Energy Security Through FDI: The Legacy of Early Japanese Investment in the Oil Sectors of the Persian Gulf
The 25-year period stretching from the late 1950s until the early 1980s was the heyday of Japanese foreign direct investment into the Persian Gulf oil producing states. Japan’s investments were instigated by the enormous oil price spikes and shortages of the 1970s. These events drove Tokyo to enhance political and economic relations with energy-rich countries. Those relations, it was hoped, would result in ample supplies of oil, natural gas and refined products for energy-poor Japan. For that reason, the Japanese government provided financial support to private-sector companies, encouraging them to embark on “national projects,” some of which turned out to be fraught with extreme financial risk.

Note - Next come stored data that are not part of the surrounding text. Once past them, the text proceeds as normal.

(* Assume $\|\mathbf{x}_t\|_\infty\le1$ for all $t$. Let $\mathbf{v}\in\mathbb{R}^d$ be any vector (fixed given $B_1,\dots,B_{\tau-1}$) and $\mathbf{z}_\tau=\mathbf{h}_{\tau^2}\mathbf{v}-\mathbf{x}_{\tau^2}\mathbf{x}_{\tau^2}^\top\mathbf{v}$. Then for all $i\in[d]$, $$|z_{\tau,i}|\le\frac{(d-1)(d-2)}{(k-1)(k-2)}\|\mathbf{v}\|_1,\qquad\mathbb{E}_\tau[z_{\tau,i}^2]\le\Big(\frac{(d-1)(d-2)}{(k-1)(k-2)}-1\Big)\|\mathbf{v}\|_2^2+\Big(\frac{d-1}{k-1}-1\Big)\big(\|\mathbf{v}\|_1^2-\|\mathbf{v}\|_2^2\big).$$
   Context: Integers $3\le k\le d-3$, $[d]=\{1,\dots,d\}$. SAMPLING$(k,d,\mathbf{w})$ for nonzero $\mathbf{w}\in\mathbb{R}^d$: with $q_i=|w_i|/\|\mathbf{w}\|_1$, draw $I_1\in[d]$ with $\mathbb{P}(I_1=i)=q_i$, then $k-1$ distinct indices uniformly without replacement from $[d]\setminus\{I_1\}$; output the $k$-set $B$. At round $\tau$, $B_\tau=$SAMPLING$(k,d,\hat{\mathbf{w}}_{\tau-1})$ for a nonzero vector $\hat{\mathbf{w}}_{\tau-1}$ determined by $B_1,\dots,B_{\tau-1}$ ($\hat{\mathbf{w}}_0=\frac1d\mathbf{1}_d$). $\mathbb{P}$ and $\mathbb{E}_\tau[\cdot]=\mathbb{E}[\cdot\mid B_1,\dots,B_{\tau-1}]$ are over $B_\tau$. The instance $\mathbf{x}_{\tau^2}\in\mathbb{R}^d$ is fixed given the past; $h_{\tau^2}[i,i]=\frac{x_{\tau^2,i}^2}{\mathbb{P}[i\in B_\tau]}\mathbb{I}_{i\in B_\tau}$ and $h_{\tau^2}[i,j]=\frac{x_{\tau^2,i}x_{\tau^2,j}}{\mathbb{P}[i,j\in B_\tau]}\mathbb{I}_{i,j\in B_\tau}$ for $i\ne j$. *)

From HB Require Import structures.
From mathcomp Require Import all_boot all_order all_algebra.
Set Implicit Arguments. Unset Strict Implicit. Unset Printing Implicit Defensive.
Import Order.TTheory GRing.Theory Num.Theory.
Local Open Scope ring_scope.

Section Sampling.
Variables (R : realFieldType) (d k : nat).

Definition qprob (w : 'cV[R]_d) (i : 'I_d) : R :=
  `|w i 0| / \sum_(j < d) `|w j 0|.

(* SAMPLING(k,d,w): draw I_1 = i with prob. q_i, then a (k-1)-subset S of
   [d] \ {i} uniformly (each with prob. 1 / C(d-1,k-1)); output B = {i} u S.
   samplingP w B is the probability that the output equals B. *)
Definition samplingP (w : 'cV[R]_d) (B : {set 'I_d}) : R :=
  \sum_(i < d) \sum_(S : {set 'I_d} | (i \notin S) && (#|S| == k.-1)%N)
     (qprob w i / ('C(d.-1, k.-1))%:R) * (i |: S == B)%:R.

Definition prob1 (w : 'cV[R]_d) (i : 'I_d) : R :=
  \sum_(B : {set 'I_d} | i \in B) samplingP w B.
Definition prob2 (w : 'cV[R]_d) (i j : 'I_d) : R :=
  \sum_(B : {set 'I_d} | (i \in B) && (j \in B)) samplingP w B.

Definition Esamp (w : 'cV[R]_d) (f : {set 'I_d} -> R) : R :=
  \sum_(B : {set 'I_d}) samplingP w B * f B.

Definition hmat (w x : 'cV[R]_d) (B : {set 'I_d}) : 'M[R]_d :=
  \matrix_(i, j)
    if i == j then x i 0 ^+ 2 / prob1 w i * (i \in B)%:R
    else x i 0 * x j 0 / prob2 w i j * ((i \in B) && (j \in B))%:R.

Definition zvec (w x v : 'cV[R]_d) (B : {set 'I_d}) : 'cV[R]_d :=
  hmat w x B *m v - x *m x^T *m v.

This paper presents short case studies examining five such projects in the Gulf. The legacy and outcomes of Japan’s FDI ventures is a mixed one. On the one hand, Japan did create goodwill and strong ties with Gulf oil producers which remain important in the present day. Japanese equity in Gulf crude oil production also succeeded in providing a small but steady supply of Japan’s imported crude. On the other hand, Japanese firms fell victim to government expropriation and other legal economic hazards. In one case, a struggling Japanese joint venture failed when it became part of a wartime battlefield. For the FDI recipients, the legacy of Japanese FDI remains a mixture of strong technical transfers, particularly in petrochemicals, but limited assistance in economic diversity or job creation.